A porta-voz da chancelaria qualificou as acusações europeias como uma “campanha desinformativa para desviar a atenção dos graves problemas do Ocidente”, referindo-se à desindustrialização e inflação em curso desde que a Europa trocou o gás russo barato pelo GNL norte-americano quatro ou cinco vezes mais caro.

“No momento em que seria necessário apresentar os resultados das investigações sobre (a explosão dos gasodutos) Nord Stream 1 e 2, recordam-se de Navalny”, ironizou Zakharova, lembrando a recusa a entregar a Moscou qualquer apuração sobre o atentado.

PARA DISTRAIR DO ESCÂNDALO EPSTEIN

Zakharova acrescentou que o “relatório” foi concebido para “sequestrar o ciclo de informações que, na visão ocidental, está profundamente manchado pela publicação dos arquivos de Epstein”. As novas alegações, ela apontou, “têm um elemento de história policial, teoria da conspiração e outras coisas que podem excitar o público”, acrescentou.
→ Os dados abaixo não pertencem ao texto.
(* Let $K$ be a commutative domain, $n\in\mathbb{N}_*$, $B$ a polynomial $K$-algebra in $n$ indeterminates, and $A$ the $K$-subalgebra of $B$ generated by $n$ elements $F_1,\dots,F_n\in B$ that are algebraically independent over $K$. Then the separable degree $[B_*^{-1}B:A_*^{-1}A]_s$ of the field extension $A_*^{-1}A\subset B_*^{-1}B$ is at most $\prod_{1\le i\le n}\deg F_i$.
   Context: For a domain $R$, $R_*=R\setminus\{0\}$ and $R_*^{-1}R$ denotes its field of fractions; $\mathbb{N}_*=\mathbb{N}\setminus\{0\}$. $[L:M]_s$ denotes the separable degree of a field extension $M\subset L$. *)

From HB Require Import structures.
From mathcomp Require Import all_boot all_order all_algebra.
From mathcomp Require Import all_field.
From mathcomp.multinomials Require Import mpoly.
Set Implicit Arguments. Unset Strict Implicit. Unset Printing Implicit Defensive.
Import Order.TTheory GRing.Theory Num.Theory.
Local Open Scope ring_scope.

Notation fracB K n := {fraction {mpoly K[n]}}.

Definition alg_indep (K : idomainType) (n : nat) (F : n.-tuple {mpoly K[n]}) :=
  forall P : {mpoly K[n]}, P \mPo F = 0 -> P = 0.

Definition in_subalg (K : idomainType) (n : nat) (F : n.-tuple {mpoly K[n]})
  (b : {mpoly K[n]}) : Prop := exists P : {mpoly K[n]}, b = P \mPo F.

Definition in_fracA (K : idomainType) (n : nat) (F : n.-tuple {mpoly K[n]})
  (z : fracB K n) : Prop :=
  exists a b : {mpoly K[n]}, [/\ in_subalg F a, in_subalg F b, b != 0 &
    z = (tofrac a) / (tofrac b)].

Definition separable_over (L : fieldType) (M : L -> Prop) (x : L) : Prop :=
  exists p : {poly L}, [/\ forall i, M p`_i, p != 0, root p x & separable_poly p].

Definition lin_indep_over (L : fieldType) (M : L -> Prop) (m : nat) (x : 'I_m -> L) :=
  forall c : 'I_m -> L, (forall i, M (c i)) ->
    \sum_(i < m) c i * x i = 0 -> forall i, c i = 0.

(* [L : M]_s <= D : the separable closure of M in L has dimension <= D over M,
   i.e. every M-linearly independent family of elements of L that are
   separable over M has at most D members. *)
Definition sep_degree_le (L : fieldType) (M : L -> Prop) (D : nat) : Prop :=
  forall (m : nat) (x : 'I_m -> L), (forall i, separable_over M (x i)) ->
    lin_indep_over M x -> (m <= D)%N.

(* total degree of a multivariate polynomial (msize p = 1 + deg p) *)
Definition tdeg (K : idomainType) (n : nat) (p : {mpoly K[n]}) : nat := (msize p).-1.

From HB Require Import structures.
From mathcomp Require Import all_boot all_order all_algebra.
From mathcomp Require Import all_field.
From mathcomp.multinomials Require Import mpoly.
From mathcomp Require Import zify ring.
Set Implicit Arguments. Unset Strict Implicit. Unset Printing Implicit Defensive.
Import Order.TTheory GRing.Theory Num.Theory.
Local Open Scope ring_scope.

(* Clearing denominators gives
   y_1..y_m in B free over A = K[F].  With d_i = deg F_i, the products
   F^b * y_j with sum_i d_i b_i <= t are then K-linearly independent of degree
   <= t + e, so m * #{b | sum_i d_i b_i <= t} <= #{a | |a| <= t + e}.  Division
   with remainder by the d_i gives #{a | |a| <= s} <= D * #{b | sum_i d_i b_i <= s}
   with D = prod_i d_i; iterating, m ^ k <= D ^ k * (k e + 1) ^ n for all k,
   which forces m <= D. *)

Section ExponentialGrowth.
Local Open Scope nat_scope.

Lemma expn_leq_ffact j z : z.+1 ^ j <= (z + j) ^_ j.
Proof.
elim: j => [|j IH]; first by rewrite expn0 ffactn0.
by rewrite expnS addnS ffactnS leq_mul // ltnS leq_addr.
Qed.

(* If D < m then m ^ k >= (D + 1) ^ k >= 'C(k, p.+1) * D ^ (k - p.+1), which
   grows like k ^ p.+1 * D ^ k; k := p.+1 + C is large enough. *)
Lemma leq_of_exp_leq_poly m D e p : 0 < D ->
  (forall k, m ^ k <= D ^ k * (k * e + 1) ^ p) -> m <= D.
Proof.
move=> D_gt0 growth; rewrite leqNgt; apply/negP => ltDm.
pose E := p.+1 * e + 1.
pose C := p.+1`! * D ^ p.+1 * E ^ p.
pose k := p.+1 + C.
have kp : p.+1 <= k by rewrite leq_addr.
have binom_leq : 'C(k, p.+1) * D ^ (k - p.+1) <= D ^ k * (k * e + 1) ^ p.
  apply: leq_trans (growth k); apply: leq_trans (_ : (D + 1) ^ k <= _).
    rewrite expnDn (bigD1 (Ordinal (kp : p.+1 < k.+1))) //= exp1n muln1.
    exact: leq_addr.
  by rewrite leq_exp2r ?addn1 // (leq_trans _ kp).
have {binom_leq} binom_leq : 'C(k, p.+1) <= D ^ p.+1 * (k * e + 1) ^ p.
  have DkE : D ^ k = D ^ (k - p.+1) * D ^ p.+1 by rewrite -expnD subnK.
  by rewrite DkE -mulnA mulnC leq_pmul2l ?expn_gt0 ?D_gt0 in binom_leq.
have poly_leq : (k * e + 1) ^ p <= C.+1 ^ p * E ^ p.
  rewrite -expnMn; have [->|p_gt0] := posnP p; first by [].
  by rewrite leq_exp2r // /k /E; nia.
have : C.+1 ^ p.+1 <= C * C.+1 ^ p.
  apply: leq_trans (expn_leq_ffact _ _) _; rewrite addnC -bin_ffact.
  apply: leq_trans (leq_mul binom_leq (leqnn _)) _.
  apply: leq_trans (leq_mul (leq_mul (leqnn _) poly_leq) (leqnn _)) _.
  by apply/eq_leq; rewrite /C; ring.
by rewrite expnS leq_pmul2r ?expn_gt0 // ltnn.
Qed.
End ExponentialGrowth.

Section MonomialCounting.
Local Open Scope nat_scope.
Variables (n : nat) (d : 'I_n -> nat).

Definition wdeg (m : 'X_{1..n}) := \sum_i d i * m i.

Definition wdeg_le s : pred 'X_{1..n < s.+1} := [pred b : 'X_{1..n < s.+1} | wdeg b <= s].
Arguments wdeg_le s : clear implicits.

Lemma card_bmnm_leq s : #|{: 'X_{1..n < s.+1}}| <= s.+1 ^ n.
Proof.
pose f (m : 'X_{1..n < s.+1}) : {ffun 'I_n -> 'I_s.+1} := [ffun i => inord (m i)].
rewrite -[s.+1 in X in _ <= X]card_ord -[n in X in _ <= X]card_ord -card_ffun.
apply: (leq_card f) => m1 m2 /ffunP f12; apply/val_inj/mnmP => i.
have m_small (m : 'X_{1..n < s.+1}) : m i < s.+1.
  by apply: leq_ltn_trans (bmdeg m); rewrite mdegE (bigD1 i) //= leq_addr.
by have := congr1 val (f12 i); rewrite !ffunE /= !inordK.
Qed.

Lemma card_wdeg_le0_gt0 : 0 < #|wdeg_le 0|.
Proof.
apply/card_gt0P; exists bm0; rewrite inE /= /wdeg.
by rewrite big1 // => i _; rewrite mnm0E muln0.
Qed.

Hypothesis d_gt0 : forall i, 0 < d i.

(* Coordinatewise Euclidean division a i = d i * q i + r i is injective in
   (q, r), and wdeg q <= mdeg a. *)
Lemma card_bmnm_leq_wdeg s :
  #|{: 'X_{1..n < s.+1}}| <= (\prod_i d i) * #|wdeg_le s|.
Proof.
pose R := {dffun forall i, 'I_(d i)}.
have card_R : #|R| = \prod_i d i.
  by rewrite card_dep_ffun foldrE big_map big_enum; apply: eq_bigr => i _; rewrite card_ord.
pose q (a : 'X_{1..n < s.+1}) : 'X_{1..n < s.+1} := insubd a [multinom a i %/ d i | i < n].
have qE a i : q a i = a i %/ d i.
  rewrite /q insubdK ?mnmE // -topredE /= mdegE (leq_ltn_trans _ (bmdeg a)) //.
  by rewrite mdegE leq_sum // => j _; rewrite mnmE leq_div.
pose r (a : 'X_{1..n < s.+1}) : R := [ffun i => Ordinal (ltn_pmod (a i) (d_gt0 i))].
pose g a := (q a, r a).
have g_inj : injective g.
  move=> a1 a2 [/(congr1 val) q12 /ffunP r12]; apply/val_inj/mnmP => i.
  have := congr1 (fun m : 'X_{1..n} => m i) q12; rewrite /= !qE => qi.
  have := congr1 val (r12 i); rewrite !ffunE /= => ri.
  by rewrite (divn_eq (a1 i) (d i)) (divn_eq (a2 i) (d i)) qi ri.
rewrite -(card_imset _ g_inj) mulnC -card_R -[#|wdeg_le s|]cardsE -cardsT -cardsX.
apply/subset_leq_card/subsetP => _ /imsetP [a _ ->]; rewrite !inE andbT.
rewrite -ltnS; apply: leq_ltn_trans (bmdeg a); rewrite mdegE leq_sum // => i _.
by rewrite qE mulnC leq_trunc_div.
Qed.

Lemma leq_prod_of_card_wdeg_le m e :
  (forall t, m * #|wdeg_le t| <= #|{: 'X_{1..n < (t + e).+1}}|) ->
  m <= \prod_i d i.
Proof.
move=> card_leq; set D := \prod_i d i.
have D_gt0 : 0 < D by rewrite prodn_gt0.
have iter_leq k : m ^ k * #|wdeg_le 0| <= D ^ k * #|wdeg_le (k * e)|.
  elim: k => [|k IH]; first by rewrite !expn0.
  rewrite expnS -mulnA (leq_trans (leq_mul (leqnn m) IH)) // mulnCA.
  rewrite (leq_trans (leq_mul (leqnn _) (card_leq _))) // expnS -mulnA mulnCA.
  by rewrite leq_mul // mulSnr card_bmnm_leq_wdeg.
apply: (leq_of_exp_leq_poly (e := e) (p := n) D_gt0) => k.
rewrite -(leq_pmul2r (card_wdeg_le0_gt0)) (leq_trans (iter_leq k)) //.
rewrite -mulnA leq_mul // addn1.
apply: leq_trans (max_card _) (leq_trans (card_bmnm_leq _) _).
by rewrite leq_pmulr ?card_wdeg_le0_gt0.
Qed.
End MonomialCounting.
Arguments wdeg_le {n} d s.

Section FractionField.
Variable R : idomainType.

Lemma tofrac_mul_den (x : {fraction R}) :
  exists2 b : R, b != 0 & exists a : R, x * tofrac b = tofrac a.
Proof.
elim/quotW: x => r; exists (\d_r); first exact: denom_ratioP.
exists (\n_r); unlock tofrac; rewrite !piE; apply/eqmodP.
rewrite /= FracField.equivfE /FracField.mulf.
by rewrite !numden_Ratio ?mulf_neq0 ?oner_neq0 ?denom_ratioP // !mulr1 mulrC.
Qed.

Lemma tofrac_common_den (I : finType) (v : I -> {fraction R}) :
  exists2 b : R, b != 0 & exists a : I -> R, forall i, v i * tofrac b = tofrac (a i).
Proof.
have [b b_neq0 /fin_all_exists [a ab]] := fin_all_exists2 (fun i => tofrac_mul_den (v i)).
exists (\prod_i b i); first by apply/prodf_neq0 => i _.
exists (fun i => a i * \prod_(j | j != i) b j) => i.
by rewrite (bigD1 i) //= rmorphM /= mulrA ab tofracM.
Qed.

(* The rows of [A] stay free over the fraction field, since a rational
   dependency clears to an integral one. *)
Lemma card_leq_of_free_rows (I J : finType) (A : I -> J -> R) :
  (forall c : I -> R, (forall j, \sum_i c i * A i j = 0) -> forall i, c i = 0) ->
  (#|I| <= #|J|)%N.
Proof.
move=> A_free.
pose M : 'M[{fraction R}]_(#|I|, #|J|) :=
  \matrix_(i, j) tofrac (A (enum_val i) (enum_val j)).
suff : row_free M by rewrite -row_leq_rank => /leq_trans; apply; exact: rank_leq_col.
rewrite -kermx_eq0; apply/rowV0P => v /sub_kermxP vM0; apply/rowP => i0.
have [b b_neq0 [a ab]] := tofrac_common_den (fun i => v ord0 (enum_rank i)).
have a0 : forall i, a i = 0.
  apply: A_free => j; apply/eqP; rewrite -tofrac_eq0 rmorph_sum /=; apply/eqP.
  have := congr1 (fun w : 'rV_#|J| => w ord0 (enum_rank j) * tofrac b) vM0.
  rewrite !mxE mul0r big_distrl /= (reindex enum_rank) /=; last first.
    by exists enum_val => i _; rewrite ?enum_rankK ?enum_valK.
  move=> e; rewrite -[RHS]e; apply: eq_bigr => i _.
  by rewrite tofracM -ab !mxE !enum_rankK mulrAC.
have := ab (enum_val i0); rewrite enum_valK a0 tofrac0 mxE => /eqP.
by rewrite mulf_eq0 tofrac_eq0 (negbTE b_neq0) orbF => /eqP.
Qed.
End FractionField.

Section TotalDegree.
Variables (K : idomainType) (n : nat).
Implicit Types p q : {mpoly K[n]}.

Lemma tdeg0 : tdeg (0 : {mpoly K[n]}) = 0%N.
Proof. by rewrite /tdeg msize0. Qed.

Lemma tdegM p q : (tdeg (p * q) <= tdeg p + tdeg q)%N.
Proof.
have [->|p_neq0] := eqVneq p 0; first by rewrite mul0r tdeg0.
have [->|q_neq0] := eqVneq q 0; first by rewrite mulr0 tdeg0.
have := msize_poly_eq0 p; have := msize_poly_eq0 q.
by rewrite /tdeg msizeM // (negbTE p_neq0) (negbTE q_neq0); lia.
Qed.

Lemma tdegX p k : (tdeg (p ^+ k) <= k * tdeg p)%N.
Proof.
elim: k => [|k IH]; first by rewrite expr0 /tdeg msize1.
by rewrite exprS mulSn (leq_trans (tdegM _ _)) ?leq_add.
Qed.

Lemma mcoeff_eq0_tdeg_lt p (m : 'X_{1..n}) : (tdeg p < mdeg m)%N -> p@_m = 0.
Proof. by move=> lt_pm; apply/memN_msupp_eq0/msize_mdeg_ge; rewrite /tdeg in lt_pm; lia. Qed.

Lemma tdeg_comp_mpolyX (F : n.-tuple {mpoly K[n]}) (b : 'X_{1..n}) :
  (tdeg ('X_[b] \mPo F) <= wdeg (fun i => tdeg (tnth F i)) b)%N.
Proof.
rewrite comp_mpolyX; apply: (big_ind2 (fun p k => tdeg p <= k)%N).
- by rewrite /tdeg msize1.
- by move=> p1 k1 p2 k2 le1 le2; apply: leq_trans (tdegM _ _) (leq_add le1 le2).
- by move=> i _; rewrite mulnC tdegX.
Qed.

(* The coefficient maps [p |-> p@_a], for mdeg a <= s, are jointly injective on
   polynomials of total degree <= s. *)
Lemma card_leq_of_free_tdeg_le (I : finType) (G : I -> {mpoly K[n]}) s :
  (forall i, tdeg (G i) <= s)%N ->
  (forall c : I -> K, \sum_i c i *: G i = 0 -> forall i, c i = 0) ->
  (#|I| <= #|{: 'X_{1..n < s.+1}}|)%N.
Proof.
move=> G_tdeg G_free.
apply: (card_leq_of_free_rows (A := fun i (a : 'X_{1..n < s.+1}) => (G i)@_a)).
move=> c c_coef; apply: G_free; apply/mpolyP => m; rewrite mcoeff0 raddf_sum /=.
have [le_ms|lt_sm] := leqP (mdeg m) s.
  rewrite -[RHS](c_coef (BMultinom (le_ms : (mdeg m < s.+1)%N))).
  by apply: eq_bigr => i _; rewrite mcoeffZ.
rewrite big1 // => i _; rewrite mcoeffZ mcoeff_eq0_tdeg_lt ?mulr0 //.
exact: leq_ltn_trans (G_tdeg i) lt_sm.
Qed.

End TotalDegree.

Section CompositionFree.
Variables (K : idomainType) (n : nat) (F : n.-tuple {mpoly K[n]}).

Definition comp_free m (y : 'I_m -> {mpoly K[n]}) :=
  forall P : 'I_m -> {mpoly K[n]}, \sum_j (P j \mPo F) * y j = 0 -> forall j, P j = 0.

Lemma tdeg_gt0_alg_indep : alg_indep F -> forall i, (0 < tdeg (tnth F i))%N.
Proof.
move=> F_indep i; rewrite lt0n; apply/negP => /eqP tdeg0F.
have F_const : tnth F i = ((tnth F i)@_0)%:MP.
  by apply: msize1_polyC; rewrite /tdeg in tdeg0F; lia.
have /F_indep/eqP : ('X_i - ((tnth F i)@_0)%:MP) \mPo F = 0.
  by rewrite comp_mpolyB comp_mpolyXU comp_mpolyC -tnth_nth -F_const subrr.
rewrite subr_eq0 => /eqP /(congr1 (mcoeff U_(i))).
rewrite mcoeffXU eqxx mcoeffC -mdeg_eq0 mdeg1 mulr0.
exact/eqP/oner_neq0.
Qed.

Lemma comp_free_of_lin_indep_over m (x : 'I_m -> fracB K n) b y :
  alg_indep F -> lin_indep_over (in_fracA F) x -> b != 0 ->
  (forall j, x j * tofrac b = tofrac (y j)) -> comp_free y.
Proof.
move=> F_indep x_indep b_neq0 xy P Py0 j; apply: F_indep; apply/eqP.
rewrite -tofrac_eq0; apply/eqP; move: j; apply: x_indep.
  move=> j; exists (P j \mPo F), 1; split; first by exists (P j).
  - by exists 1; rewrite comp_mpoly1.
  - exact: oner_neq0.
  - by rewrite tofrac1 divr1.
apply: (mulIf (_ : tofrac b != 0)); first by rewrite tofrac_eq0.
rewrite mul0r big_distrl /= -[RHS]tofrac0 -Py0 rmorph_sum /=.
by apply: eq_bigr => j _; rewrite -mulrA xy tofracM.
Qed.

Lemma free_comp_mpolyX_mul m (y : 'I_m -> {mpoly K[n]}) t (S : pred 'X_{1..n < t.+1}) :
  comp_free y -> forall c : 'I_m * {b | S b} -> K,
  \sum_p c p *: (('X_[val (val p.2)] \mPo F) * y p.1) = 0 -> forall p, c p = 0.
Proof.
move=> y_free c c_rel [j b].
pose P j := \sum_(b : {b | S b}) c (j, b) *: 'X_[val (val b)].
have /(congr1 (mcoeff (val (val b)))) : P j = 0.
  apply: y_free; rewrite -{}[RHS]c_rel.
  rewrite (eq_bigr (fun j => \sum_b c (j, b) *: (('X_[val (val b)] \mPo F) * y j))).
    by rewrite pair_bigA; apply: eq_bigr => -[].
  move=> j' _; rewrite /P raddf_sum /= mulr_suml; apply: eq_bigr => b' _.
  by rewrite comp_mpolyZ scalerAl.
rewrite mcoeff0 raddf_sum (bigD1 b) //= mcoeffZ mcoeffX eqxx mulr1 big1 ?addr0 //.
by move=> b' /negbTE b'b; rewrite mcoeffZ mcoeffX !val_eqE b'b mulr0.
Qed.

End CompositionFree.

Theorem mainTheorem4 (K : idomainType) (n : nat) (F : n.-tuple {mpoly K[n]}) :
  (0 < n)%N -> alg_indep F ->
  sep_degree_le (in_fracA F) (\prod_(i < n) tdeg (tnth F i))%N.
Proof.
move=> _ F_indep m x _ x_indep.
have [b b_neq0 [y xy]] := tofrac_common_den x.
have y_free := comp_free_of_lin_indep_over F_indep x_indep b_neq0 xy.
pose e := (\max_j tdeg (y j))%N.
apply: (leq_prod_of_card_wdeg_le (e := e) (tdeg_gt0_alg_indep F_indep)) => t.
pose G (p : 'I_m * {a | wdeg_le (fun i => tdeg (tnth F i)) t a}) :=
  ('X_[val (val p.2)] \mPo F) * y p.1.
apply: leq_trans (card_leq_of_free_tdeg_le (G := G) _ _).
- by rewrite card_prod card_ord card_sig.
- move=> [j [a a_wdeg]]; rewrite (leq_trans (tdegM _ _)) // leq_add //.
    exact: leq_trans (tdeg_comp_mpolyX _ _) a_wdeg.
  exact: leq_bigmax.
- exact: free_comp_mpolyX_mul.
Qed.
Aliás, na semana anterior, o escândalo Epstein atingiu em cheio as elites europeias, com a exposição da intimidade do pedófilo desde com o ex-príncipe Andrew e o ex-ministro britânico Mandelson, até uma princesa herdeira noruega e um ex-primeiro-ministro – além da descoberta de que passava metade do ano despachando desde seu apartamento de luxo em Paris.

Há dois anos, o Serviço Penitenciário Federal russo (FSIN) comunicou a morte súbita de Navalny por causas naturais, após passar mal depois de uma caminhada e ser socorrido por uma equipe médica na prisão, que tentou reanimá-lo sem êxito por 30 minutos. Três dias antes ele recebera a visita de sua mãe e de seu advogado.

BOLSISTA DE YALE APADRINHADO PELA FILHA DE GAIDAR

Desde 2007, quando ganhou uma viagem-prêmio aos EUA para um “curso de verão ‘anticorrupção’ em Yale”, apadrinhado por Maria Gaidar, filha do chefe da privatização, Navalny era o mais notório “freedom fighter” da Rússia pós-Yeltsin.

O convite veio depois de ter chamado a atenção como um dos organizadores da xenófoba “Marcha Russa” contra os imigrantes do Cáucaso e de ter debutado no Yabloco, a agremiação preferida dos neoliberais e privatizadores.

VÍDEOS RACISTAS CONTRA IMIGRANTES DO CÁUCASO

Navalny também fizera fama pelos vídeos racistas, em que chamava os imigrantes de “baratas”, aconselhando “usar uma pistola” para eliminá-las, caso as chineladas falhassem. Na “Marcha Russa” eram exibidas desde suásticas até bandeiras do império russo.

Após o adestramento no “Yale World Fellows Program”, Natalny, sem jamais descartar a xenofobia, dedicou-se à mais lucrativa função de caçador de marajás russos e chegou em 2013 a se candidatar à prefeitura de Moscou. Passou a ser paparicado pela mídia ocidental e seus donos, na esperança de que os bons tempos de Yeltsin iriam voltar.

Em 2020, Navalny passou mal durante um voo de volta a Moscou, tendo sido salvo pela assistência prestada pelo hospital da cidade em que o avião fez pouso de emergência. Posteriormente, a pedido da família foi transferido para a Alemanha, onde um hospital da Otan alegou que se trataria de “envenenamento por um agente químico militar” – uma reedição da chicana sobre o ex-espião Skripal. O hospital militar se recusou a fornecer provas a serem confrontadas com os resultados dos exames feitos pelo hospital russo.

Em seu primeiro julgamento em 2014, um caso de fraude contra uma empresa francesa, Navalny chegou a ser condenado a 3,5 anos. Em 2021, ele foi condenado a 19 anos de cárcere por fraude e extremismo e sua Fundação ‘Anticorrupção’ FBK foi declarada “agente estrangeiro” por receber verbas de governos e organizações estrangeiras, com Navalny tendo se apossado de US$ 4,3 milhões.